June 12, 2017 by Alex Daynes

Hey guys! Meal prep Monday is almost over! I wanted to get real with you guys today and show you what my meal prep week looks like this week! It isn’t the prettiest, it isn’t measured out into individual containers, and it’s nothing extravagant. This meal prep post is all about going back to the basics, promoting eating home cooked meals by keeping it simple, healthy, and delicious! Anybody can meal prep! Let me show you how!

This weekend was crazy fun and busy. I have been on the road since Friday going down to Las Vegas with my family and friends! We had a blast and got home just earlier today around 3. I am exhausted today from a fun weekend, but I didn’t want my health to go. My husband and I ate out in Vegas and on the road, and I wanted to make sure to meal prep this week so that we can save money and eat healthy! Completely exhausted while trying to do the laundry, I threw some rice in the instapot, chicken in the oven, and heated up a bag of frozen veggies in my wok. Once everything was finished, I threw them into big tubber-wear to store for the week. When I am ready for a meal, I can build a quick rice bowl, top it with my favorite sauce, and heat it in the microwave! It isn’t the prettiest meal prep week, but it is real. If I can do it, so can you!

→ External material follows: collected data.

Lemma lie_br_lift (M N : A -> Prop) (M' N' : B -> Prop) :
  (forall b, M' b -> exists2 a, M a & p a = b) ->
  (forall b, N' b -> exists2 a, N a & p a = b) ->
  forall b, lie_br M' N' b -> exists2 a, lie_br M N a & p a = b.
Proof.
move=> MM' NN'; apply: span_lift => _ [_ [_ [/MM' [m Mm <-] [/NN' [n Nn <-] ->]]]].
exists (lbr A m n + lbr A n m); first by exists m, n.
by rewrite (linear_mapD hom_linear) !hom_br.
Qed.

Lemma hom_injective : (forall x, p x = 0 -> x = 0) -> injective p.
Proof.
move=> ker0 x y pxy; apply/eqP; rewrite -subr_eq0; apply/eqP/ker0.
by rewrite (linear_mapB hom_linear) pxy subrr.
Qed.
End Homomorphisms.

Lemma hom_comp (K : fieldType) (A B C : leibnizAlgebra K) (f : B -> C) (p : A -> B) :
  is_hom f -> is_hom p -> is_hom (fun x => f (p x)).
Proof.
move=> [fL f_br] [pL p_br]; split=> [|x y]; first exact: linear_comp.
by rewrite p_br f_br.
Qed.

Lemma inj_surj_bijective (T : choiceType) (U : eqType) (f : T -> U) :
  injective f -> (forall b, exists a, f a = b) -> bijective f.
Proof.
move=> f_inj f_surj; have f_surjb b : exists a, f a == b.
  by have [a <-] := f_surj b; exists a.
exists (fun b => xchoose (f_surjb b)) => [a|b]; last exact/eqP/(xchooseP (f_surjb b)).
by apply: f_inj; apply/eqP/(xchooseP (f_surjb (f a))).
Qed.
(* Let $\kappa > 0$ and let $(X,d)$ be a complete CAT$(\kappa)$ space such that $d(v,w) < \pi/(2\sqrt{\kappa})$ for all $v,w \in X$. Let $f : X \to (-\infty,\infty]$ be a proper, convex and lower semi-continuous function which attains its minimum. Let $x_0 \in X$ and let $(\lambda_n)_{n\ge0}$ be a sequence of positive real numbers with $\sum_{n \ge 0}\lambda_n = \infty$. Define the sequence $(x_n)$ by \[ x_{n+1} = J_{\lambda_n}(x_n) = \operatorname{argmin}_{y \in X}\left[f(y) + \frac{1}{\lambda_n}\Psi_{x_n}(y)\right], \quad n \ge 0. \] Then $(x_n)$ $\Delta$-converges to a minimum point of $f$.
   Context: A geodesic space is a metric space in which any two points are joined by a geodesic segment; the point at distance $t\,d(x,y)$ from $x$ on such a segment is written $(1-t)x+ty$. A CAT$(\kappa)$ space ($\kappa>0$) is a metric space in which any two points at distance $<\pi/\sqrt{\kappa}$ are joined by a geodesic and every geodesic triangle of perimeter $<2\pi/\sqrt{\kappa}$ satisfies the CAT$(\kappa)$ comparison inequality with respect to its comparison triangle in the sphere of constant curvature $\kappa$. A function $f : X \to (-\infty,\infty]$ is proper if it is not identically $\infty$, and convex if $f((1-t)x+ty) \le (1-t)f(x)+tf(y)$ for all $x,y\in X$, $t\in[0,1]$. For $x \in X$, $\Psi_x : X \to [0,\infty)$ is defined by $\Psi_x(y) = \frac{1}{\kappa\cos(\sqrt{\kappa}\,d(y,x))} - \frac{\cos(\sqrt{\kappa}\,d(y,x))}{\kappa}$; for $\lambda>0$ the resolvent $J_\lambda(x) = \operatorname{argmin}_{y \in X}[f(y) + \frac{1}{\lambda}\Psi_x(y)]$ exists and is unique under the stated assumptions. $\Delta$-convergence: for a bounded sequence $(u_n)$ and $u \in X$ put $r(u,(u_n)) = \limsup_n d(u,u_n)$; the asymptotic radius is $r((u_n)) = \inf_{u\in X} r(u,(u_n))$ and the asymptotic center is $A((u_n)) = \{u \in X : r(u,(u_n)) = r((u_n))\}$. The sequence $(u_n)$ $\Delta$-converges to $u$ if $u$ is the unique point of the asymptotic center of every subsequence of $(u_n)$. *)

From Stdlib Require Import Reals Lra.
From Coquelicot Require Import Coquelicot.
Open Scope R_scope.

The important thing about meal prepping and what makes it so great is that it is ready to go! My rice and chicken is made ahead of time, vegetables are prepped and chopped, so that leaves no time for excuses to not eat a nutrient dense meal! Nutrient dense foods are foods that are low in calorie and high in nutritional value such as chicken and vegetables. Energy dense food is what you get in fast food places and with some restaurants. Energy dense means that the food is high in calories and low in nutritional value such as hamburgers and fried chicken. Energy dense foods will make you feel full, but it will not last. You will find yourself getting hungry sooner. Nutrient dense foods will fill you up, and keep you full until your next meal.

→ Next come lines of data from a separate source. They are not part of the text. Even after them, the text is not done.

Definition qzero : qnn := qnn_of (lexx 0).

Lemma qnn_ge0 (p : qnn) : 0 <= val p.
Proof. exact: valP. Qed.

Lemma qnn_inj (p q : qnn) : val p = val q -> p = q.
Proof. exact: val_inj. Qed.

Section OrderAutomorphism.
Variable h : qnn -> qnn.
Hypothesis qh : qaut h.

Lemma qaut_bij : bijective h.
Proof. by case: qh. Qed.

Lemma qaut_le : {mono h : p q / val p <= val q}.
Proof. by move=> p q; case: qh => _ H; rewrite [RHS]H. Qed.

Lemma qaut_lt : {mono h : p q / val p < val q}.
Proof. by move=> p q; rewrite !ltNge qaut_le. Qed.

Lemma qaut_eq0 p : val p = 0 -> val (h p) = 0.
Proof.
move=> p0; have -> : p = qzero by apply: qnn_inj.
case: qaut_bij => h' _ h'K; apply/eqP; rewrite eq_le qnn_ge0 andbT.
by have := qnn_ge0 (h' qzero); rewrite -[0]/(val qzero) -qaut_le h'K.
Qed.

Lemma qaut_gt0 p : 0 < val p -> 0 < val (h p).
Proof.
move=> p_gt0; have := p_gt0; rewrite -[0]/(val qzero) -qaut_lt.
by rewrite (qaut_eq0 (p := qzero)).
Qed.

Lemma qaut_inv : qaut (finv h).
Proof.
split; first exact: finv_bij qaut_bij.
by move=> p q; rewrite -[RHS]qaut_le !finvKV //; exact: qaut_bij.
Qed.

Lemma qaut_lt_finv a eps : val a < val (finv h eps) -> val (h a) < val eps.
Proof. by rewrite -{2}(finvKV qaut_bij eps) qaut_lt. Qed.

End OrderAutomorphism.

Lemma qaut_id : qaut id.
Proof. by split=> //; exists id. Qed.

Lemma qaut_comp h k : qaut h -> qaut k -> qaut (h \o k).
Proof.
move=> qh qk; split; first exact: bij_comp (qaut_bij qh) (qaut_bij qk).
by move=> p q /=; rewrite (qaut_le qh) (qaut_le qk).
Qed.

Section Ultrametric.
Variables (T : Type) (d : T -> T -> qnn).
Hypothesis ud : ultrametric d.

Lemma ud_eq0 x y : val (d x y) = 0 <-> x = y.
Proof. by case: ud. Qed.

Lemma ud_xx x : val (d x x) = 0.
Proof. exact/ud_eq0. Qed.

Lemma ud_sym x y : d x y = d y x.
Proof. by case: ud => _ []. Qed.

Lemma ud_max x y z : val (d x z) <= Num.max (val (d x y)) (val (d y z)).
Proof. by case: ud => _ []. Qed.

Lemma ud_le x y z r : val (d x y) <= r -> val (d y z) <= r -> val (d x z) <= r.
Proof. by move=> le1 le2; apply: le_trans (ud_max x y z) _; rewrite ge_max le1. Qed.

Lemma ud_lt x y z r : val (d x y) < r -> val (d y z) < r -> val (d x z) < r.
Proof. by move=> lt1 lt2; apply: le_lt_trans (ud_max x y z) _; rewrite gt_max lt1. Qed.

Lemma ud_gt0 x y : x <> y -> 0 < val (d x y).
Proof. by move=> neq_xy; rewrite lt_def qnn_ge0 andbT; apply/eqP => /ud_eq0. Qed.

Lemma ud_isosceles x y z : val (d x y) < val (d y z) -> d x z = d y z.
Proof.
move=> lt_xy; apply: qnn_inj; apply/eqP; rewrite eq_le.
rewrite (ud_le (ltW lt_xy)) //=; rewrite leNgt; apply/negP => lt_xz.
by have := ud_max y x z; rewrite leNgt gt_max ud_sym lt_xy lt_xz.
Qed.

Lemma ud_isosceles2 u v u' v' : val (d u' u) < val (d u v) ->
  val (d v' v) < val (d u v) -> d u' v' = d u v.
Proof.
move=> lt_u lt_v; have d_u'v : d u' v = d u v by exact: ud_isosceles.
have d_v'u' : d v' u' = d v u' by apply: ud_isosceles; rewrite (ud_sym v u') d_u'v.
by rewrite (ud_sym u' v') d_v'u' (ud_sym v u').
Qed.

End Ultrametric.

Section DcGroup.
Variables (T : Type) (d : T -> T -> qnn).
Implicit Types g k n : dcmap T.

Lemma dcaut_bij1 g : dcaut d g -> bijective g.1.
Proof. by case. Qed.

Lemma dcaut_qaut g : dcaut d g -> qaut g.2.
Proof. by case=> _ []. Qed.

Lemma dcaut_dist g x y : dcaut d g -> d (g.1 x) (g.1 y) = g.2 (d x y).
Proof. by case=> _ []. Qed.

Lemma dcaut_mul g k : dcaut d g -> dcaut d k -> dcaut d (gmul g k).
Proof.
move=> [bg [qg dg]] [bk [qk dk]]; split; first exact: bij_comp.
by split; [exact: qaut_comp | move=> x y /=; rewrite dg dk].
Qed.

Lemma dcaut_inv g : dcaut d g -> dcaut d (ginv g).
Proof.
move=> [bg [qg dg]]; split; first exact: finv_bij.
split=> [|x y /=]; first exact: qaut_inv.
by apply: (bij_inj (qaut_bij qg)); rewrite -dg !finvKV //; exact: qaut_bij.
Qed.

Lemma gmul_eq g k : g.1 =1 k.1 -> g.2 =1 k.2 -> g = k.
Proof.
by case: g k => [g1 g2] [k1 k2] /= E1 E2; congr pair; apply: functional_extensionality.
Qed.

Lemma gmulK n k : dcaut d k -> gmul (gmul n k) (ginv k) = n.
Proof.
move=> Ak; apply: gmul_eq => x /=; rewrite finvKV //;
  [exact: dcaut_bij1 Ak | exact: qaut_bij (dcaut_qaut Ak)].
Qed.

Lemma gmulKV n k : dcaut d k -> gmul (gmul n (ginv k)) k = n.
Proof.
move=> Ak; apply: gmul_eq => x /=; rewrite finvK //;
  [exact: dcaut_bij1 Ak | exact: qaut_bij (dcaut_qaut Ak)].
Qed.

Lemma gmulVKl n k : dcaut d k -> gmul k (gmul (ginv k) n) = n.
Proof.
move=> Ak; apply: gmul_eq => x /=; rewrite finvKV //;
  [exact: dcaut_bij1 Ak | exact: qaut_bij (dcaut_qaut Ak)].
Qed.

End DcGroup.

Record dc_group_topology (T I : Type) (d : T -> T -> qnn)
    (N : dcmap T -> I -> dcmap T -> Prop) : Prop := DcGroupTopology {
  nbhd_mul : forall g k, dcaut d g -> dcaut d k -> forall j, exists i1 i2,
    forall g' k', dcaut d g' -> dcaut d k' -> N g i1 g' -> N k i2 k' ->
      N (gmul g k) j (gmul g' k');
  nbhd_inv : forall g, dcaut d g -> forall j, exists i, forall g', dcaut d g' ->
    N g i g' -> N (ginv g) j (ginv g');
  nbhd_pi : continuous_map (dcaut d) N nbQ (fun g => g.2);
  nbhd_refl : forall g i, dcaut d g -> N g i g;
  nbhd_meet : forall g i i', exists i'', forall g', N g i'' g' -> N g i g' /\ N g i' g'
}.

Record dc_section (T I : Type) (d : T -> T -> qnn) (N : dcmap T -> I -> dcmap T -> Prop)
    (s : (qnn -> qnn) -> dcmap T) : Prop := DcSection {
  section_aut : forall h, qaut h -> dcaut d (s h);
  section_pi : forall h, qaut h -> (s h).2 = h;
  section_morph : forall h k, qaut h -> qaut k -> s (h \o k) = gmul (s h) (s k);
  section_cont : continuous_map qaut nbQ N s
}.

Section SectionTheory.
Variables (T I : Type) (d : T -> T -> qnn) (N : dcmap T -> I -> dcmap T -> Prop)
  (s : (qnn -> qnn) -> dcmap T).
Hypothesis sec : dc_section d N s.

Lemma section_id x : (s id).1 x = x.
Proof.
have s_id := section_aut sec qaut_id.
apply: (bij_inj (dcaut_bij1 s_id)).
by have /(f_equal (fun g => g.1 x)) := section_morph sec qaut_id qaut_id.
Qed.

Lemma section_invK h : qaut h -> cancel (s h).1 (s (finv h)).1.
Proof.
move=> qh x; have qi := qaut_inv qh.
have /(f_equal (fun g => g.1 x)) /= <- := section_morph sec qi qh.
have -> : finv h \o h = id by apply: functional_extensionality; apply/finvK/qaut_bij.
exact: section_id.
Qed.

Lemma section_invKV h : qaut h -> cancel (s (finv h)).1 (s h).1.
Proof.
move=> qh x; have qi := qaut_inv qh.
have /(f_equal (fun g => g.1 x)) /= <- := section_morph sec qh qi.
have -> : h \o finv h = id by apply: functional_extensionality; apply/finvKV/qaut_bij.
exact: section_id.
Qed.

End SectionTheory.

Section SplitCriterion.
Variables (T I : Type) (d : T -> T -> qnn) (N : dcmap T -> I -> dcmap T -> Prop)
  (s : (qnn -> qnn) -> dcmap T).
Hypotheses (top : dc_group_topology d N) (sec : dc_section d N s).

Let s_aut := section_aut sec.
Let s_pi := section_pi sec.
Let SD := fun p : dcmap T * (qnn -> qnn) => dciso d p.1 /\ qaut p.2.
Let Phi := fun p : dcmap T * (qnn -> qnn) => gmul p.1 (s p.2).

Lemma iso_part g : dcaut d g -> dciso d (gmul g (ginv (s g.2))).
Proof.
move=> Ag; have qg := dcaut_qaut Ag.
split; first by apply: dcaut_mul => //; apply/dcaut_inv/s_aut.
rewrite /= s_pi //; apply: functional_extensionality => q /=.
by rewrite finvKV //; exact: qaut_bij.
Qed.

(* [g = s(D_g) k], so [s(h) k] is a preimage of [h] near [g] when [h] is near [D_g]. *)
Lemma pi_open : open_map (dcaut d) N qaut nbQ (fun g => g.2).
Proof.
move=> g Ag i; have qg := dcaut_qaut Ag.
set k := gmul (ginv (s g.2)) g.
have Ak : dcaut d k by apply: dcaut_mul => //; apply/dcaut_inv/s_aut.
have [i1 [i2 near_mul]] := nbhd_mul top (s_aut qg) Ak i.
have [B near_s] := section_cont sec qg i1.
exists B => h qh near_h; exists (gmul (s h) k).
split; first by apply: dcaut_mul => //; exact: s_aut.
split.
  rewrite -{1}(gmulVKl g (s_aut qg)); apply: near_mul => //; first exact: s_aut.
    exact: near_s.
  exact: nbhd_refl top _ _ Ak.
rewrite /= !s_pi //; apply: functional_extensionality => q /=.
by rewrite finvK //; exact: qaut_bij.
Qed.

Lemma semidirect_unique g : dcaut d g -> exists! p, SD p /\ Phi p = g.
Proof.
move=> Ag; have qg := dcaut_qaut Ag.
exists (gmul g (ginv (s g.2)), g.2); split.
  by split; [split; [exact: iso_part | exact: qg] | exact: gmulKV (s_aut qg)].
move=> [n h] [[[An n_id] qh] /= <-].
have -> : (gmul n (s h)).2 = h by rewrite /= n_id s_pi.
by rewrite (gmulK _ (s_aut qh)).
Qed.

Why do I always use brown rice? I like brown rice for a lot of different reasons. I like brown rice because I like the texture of it. Have you heard the saying “the whiter the bread, the sooner your dead”? I don’t know how true that is, but I believe it. When I am choosing my grains and my carbohydrates, I try to steer clear of white, processed flours. I have learned in my nutrition classes that when you choose whole wheat or brown rice, you are choosing a more nutrient dense option. Brown rice has more micronutrients and a lower glycemic index than white rice. But, brown rice does have more calories and more carbohydrates per cup. White rice, has the bran and germ part of it removed, which is the most nutritious part of the grain. Overall, looking at the numbers and going for nutrient dense foods, I choose to consume brown rice.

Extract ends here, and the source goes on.